▶ INSTRUCTIONS TO FOLLOW: Set down word for word each line from the start of the listing through the line that contains "lra)) as [l Hl].", both included.

▶ PROVIDED RECORDS:
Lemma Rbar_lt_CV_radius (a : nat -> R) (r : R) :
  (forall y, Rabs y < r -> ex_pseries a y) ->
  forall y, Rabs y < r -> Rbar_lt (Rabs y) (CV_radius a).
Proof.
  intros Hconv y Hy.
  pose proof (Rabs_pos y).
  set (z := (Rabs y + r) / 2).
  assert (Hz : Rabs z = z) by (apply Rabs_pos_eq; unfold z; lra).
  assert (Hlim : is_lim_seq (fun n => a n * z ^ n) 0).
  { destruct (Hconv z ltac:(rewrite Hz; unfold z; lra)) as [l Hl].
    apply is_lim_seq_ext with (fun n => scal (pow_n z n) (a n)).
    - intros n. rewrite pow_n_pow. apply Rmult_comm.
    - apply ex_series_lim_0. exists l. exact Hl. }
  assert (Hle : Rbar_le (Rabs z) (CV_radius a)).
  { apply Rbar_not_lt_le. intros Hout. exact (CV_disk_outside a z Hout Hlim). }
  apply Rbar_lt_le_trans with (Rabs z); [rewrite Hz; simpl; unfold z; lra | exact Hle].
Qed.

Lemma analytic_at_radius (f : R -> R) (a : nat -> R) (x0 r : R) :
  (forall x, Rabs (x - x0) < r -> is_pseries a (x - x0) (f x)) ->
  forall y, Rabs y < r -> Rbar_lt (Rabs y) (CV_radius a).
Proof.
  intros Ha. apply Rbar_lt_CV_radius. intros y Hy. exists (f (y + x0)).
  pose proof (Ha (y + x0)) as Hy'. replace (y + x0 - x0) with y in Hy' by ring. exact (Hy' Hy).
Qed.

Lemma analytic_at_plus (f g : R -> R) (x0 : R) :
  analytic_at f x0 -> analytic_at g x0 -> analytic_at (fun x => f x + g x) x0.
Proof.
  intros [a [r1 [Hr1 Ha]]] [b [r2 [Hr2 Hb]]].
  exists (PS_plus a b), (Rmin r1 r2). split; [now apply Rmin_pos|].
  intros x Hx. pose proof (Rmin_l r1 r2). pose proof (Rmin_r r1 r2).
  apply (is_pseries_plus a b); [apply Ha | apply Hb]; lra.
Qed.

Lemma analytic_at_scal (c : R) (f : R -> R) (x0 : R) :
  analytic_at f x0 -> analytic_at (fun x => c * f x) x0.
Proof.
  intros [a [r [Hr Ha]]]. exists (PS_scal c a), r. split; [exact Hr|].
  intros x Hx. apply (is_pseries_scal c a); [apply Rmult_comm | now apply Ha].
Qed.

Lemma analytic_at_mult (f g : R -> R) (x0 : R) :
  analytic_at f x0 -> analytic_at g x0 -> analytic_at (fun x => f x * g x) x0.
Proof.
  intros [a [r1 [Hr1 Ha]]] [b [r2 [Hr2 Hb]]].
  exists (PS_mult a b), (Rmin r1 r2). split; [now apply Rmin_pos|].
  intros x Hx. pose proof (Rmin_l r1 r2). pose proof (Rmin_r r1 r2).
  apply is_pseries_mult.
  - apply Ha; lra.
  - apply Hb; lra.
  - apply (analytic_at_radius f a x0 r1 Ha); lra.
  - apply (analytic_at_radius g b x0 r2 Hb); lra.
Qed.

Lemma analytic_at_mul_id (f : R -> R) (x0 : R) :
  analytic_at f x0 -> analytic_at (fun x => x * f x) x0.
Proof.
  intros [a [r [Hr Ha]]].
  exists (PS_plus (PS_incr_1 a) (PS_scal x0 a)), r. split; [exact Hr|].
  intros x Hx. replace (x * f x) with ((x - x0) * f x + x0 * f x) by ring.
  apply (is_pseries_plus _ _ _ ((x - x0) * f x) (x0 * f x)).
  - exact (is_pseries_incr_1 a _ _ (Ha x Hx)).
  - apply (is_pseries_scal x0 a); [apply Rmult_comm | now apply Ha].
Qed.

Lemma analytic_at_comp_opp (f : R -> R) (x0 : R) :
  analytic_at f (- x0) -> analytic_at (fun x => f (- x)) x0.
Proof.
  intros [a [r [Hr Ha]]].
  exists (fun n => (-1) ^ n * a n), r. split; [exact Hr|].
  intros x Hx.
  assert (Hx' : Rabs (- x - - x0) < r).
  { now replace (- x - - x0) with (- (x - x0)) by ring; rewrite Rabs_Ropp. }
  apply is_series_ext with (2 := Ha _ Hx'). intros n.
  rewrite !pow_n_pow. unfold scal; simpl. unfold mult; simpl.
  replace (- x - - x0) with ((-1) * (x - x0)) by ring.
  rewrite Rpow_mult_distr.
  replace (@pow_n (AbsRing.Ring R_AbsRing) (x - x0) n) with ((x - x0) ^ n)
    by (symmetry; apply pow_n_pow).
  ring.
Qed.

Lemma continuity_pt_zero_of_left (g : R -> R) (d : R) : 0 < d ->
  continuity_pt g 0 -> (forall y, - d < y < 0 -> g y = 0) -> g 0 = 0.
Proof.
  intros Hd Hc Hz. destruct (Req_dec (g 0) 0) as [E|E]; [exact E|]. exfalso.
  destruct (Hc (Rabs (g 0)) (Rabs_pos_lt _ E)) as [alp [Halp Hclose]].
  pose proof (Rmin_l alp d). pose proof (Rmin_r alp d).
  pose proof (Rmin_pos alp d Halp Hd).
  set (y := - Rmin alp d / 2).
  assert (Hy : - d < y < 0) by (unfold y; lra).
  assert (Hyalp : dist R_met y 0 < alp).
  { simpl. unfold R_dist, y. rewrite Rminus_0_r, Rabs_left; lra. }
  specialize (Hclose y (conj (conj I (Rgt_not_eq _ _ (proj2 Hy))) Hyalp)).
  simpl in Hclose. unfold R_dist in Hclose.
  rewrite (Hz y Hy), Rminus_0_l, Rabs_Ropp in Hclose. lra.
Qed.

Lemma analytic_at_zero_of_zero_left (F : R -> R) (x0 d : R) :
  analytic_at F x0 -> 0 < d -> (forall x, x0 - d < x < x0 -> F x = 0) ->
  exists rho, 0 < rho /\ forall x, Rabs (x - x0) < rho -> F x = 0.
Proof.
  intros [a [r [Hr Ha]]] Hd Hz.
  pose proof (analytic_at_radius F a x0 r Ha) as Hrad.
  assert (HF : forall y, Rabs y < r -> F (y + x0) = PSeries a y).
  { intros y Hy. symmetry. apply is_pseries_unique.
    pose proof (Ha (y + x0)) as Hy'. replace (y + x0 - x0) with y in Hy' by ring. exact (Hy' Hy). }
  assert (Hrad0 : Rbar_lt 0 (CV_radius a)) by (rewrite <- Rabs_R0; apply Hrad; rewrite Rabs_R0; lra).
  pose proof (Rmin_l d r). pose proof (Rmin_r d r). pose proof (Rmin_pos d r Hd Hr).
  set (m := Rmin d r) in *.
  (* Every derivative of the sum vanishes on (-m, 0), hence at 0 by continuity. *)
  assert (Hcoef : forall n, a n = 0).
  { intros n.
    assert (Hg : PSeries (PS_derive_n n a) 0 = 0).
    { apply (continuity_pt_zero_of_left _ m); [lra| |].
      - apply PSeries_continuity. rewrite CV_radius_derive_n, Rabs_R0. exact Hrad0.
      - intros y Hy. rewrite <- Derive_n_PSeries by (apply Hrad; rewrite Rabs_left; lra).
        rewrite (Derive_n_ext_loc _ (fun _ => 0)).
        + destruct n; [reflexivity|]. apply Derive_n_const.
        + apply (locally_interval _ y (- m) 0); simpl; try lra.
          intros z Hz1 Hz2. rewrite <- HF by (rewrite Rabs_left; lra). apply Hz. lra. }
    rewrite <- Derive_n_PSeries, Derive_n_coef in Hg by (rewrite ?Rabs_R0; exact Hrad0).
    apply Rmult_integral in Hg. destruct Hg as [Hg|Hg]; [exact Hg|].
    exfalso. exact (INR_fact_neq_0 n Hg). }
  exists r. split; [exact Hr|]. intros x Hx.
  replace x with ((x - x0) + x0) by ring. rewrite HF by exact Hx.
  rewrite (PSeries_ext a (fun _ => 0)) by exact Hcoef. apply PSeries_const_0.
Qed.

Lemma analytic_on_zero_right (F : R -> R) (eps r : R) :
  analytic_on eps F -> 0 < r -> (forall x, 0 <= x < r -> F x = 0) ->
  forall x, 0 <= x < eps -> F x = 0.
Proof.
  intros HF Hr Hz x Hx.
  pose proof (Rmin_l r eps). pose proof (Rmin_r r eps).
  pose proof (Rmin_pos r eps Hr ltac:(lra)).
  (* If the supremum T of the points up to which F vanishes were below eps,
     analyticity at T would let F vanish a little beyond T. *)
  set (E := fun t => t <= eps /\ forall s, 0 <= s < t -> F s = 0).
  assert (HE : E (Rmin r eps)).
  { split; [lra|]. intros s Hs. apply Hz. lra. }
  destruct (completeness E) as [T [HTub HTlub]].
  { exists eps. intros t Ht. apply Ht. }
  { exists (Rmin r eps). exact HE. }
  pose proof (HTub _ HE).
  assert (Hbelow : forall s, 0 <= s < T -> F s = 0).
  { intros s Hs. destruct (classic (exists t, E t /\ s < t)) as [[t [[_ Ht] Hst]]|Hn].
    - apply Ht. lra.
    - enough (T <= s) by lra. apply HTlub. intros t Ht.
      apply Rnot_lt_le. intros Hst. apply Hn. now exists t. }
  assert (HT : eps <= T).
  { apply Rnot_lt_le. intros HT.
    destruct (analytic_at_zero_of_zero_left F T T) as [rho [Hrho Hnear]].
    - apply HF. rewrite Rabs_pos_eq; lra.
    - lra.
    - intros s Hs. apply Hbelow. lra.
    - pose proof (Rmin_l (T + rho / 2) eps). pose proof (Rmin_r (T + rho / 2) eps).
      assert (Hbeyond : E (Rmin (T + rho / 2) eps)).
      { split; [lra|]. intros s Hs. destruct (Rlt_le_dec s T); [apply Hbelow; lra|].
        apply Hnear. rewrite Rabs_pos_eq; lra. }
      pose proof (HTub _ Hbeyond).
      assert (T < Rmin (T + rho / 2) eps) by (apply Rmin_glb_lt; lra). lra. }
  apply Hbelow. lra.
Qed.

▶ WORKED SOLUTION:
Lemma Rbar_lt_CV_radius (a : nat -> R) (r : R) :
  (forall y, Rabs y < r -> ex_pseries a y) ->
  forall y, Rabs y < r -> Rbar_lt (Rabs y) (CV_radius a).
Proof.
  intros Hconv y Hy.
  pose proof (Rabs_pos y).
  set (z := (Rabs y + r) / 2).
  assert (Hz : Rabs z = z) by (apply Rabs_pos_eq; unfold z; lra).
  assert (Hlim : is_lim_seq (fun n => a n * z ^ n) 0).
  { destruct (Hconv z ltac:(rewrite Hz; unfold z; lra)) as [l Hl].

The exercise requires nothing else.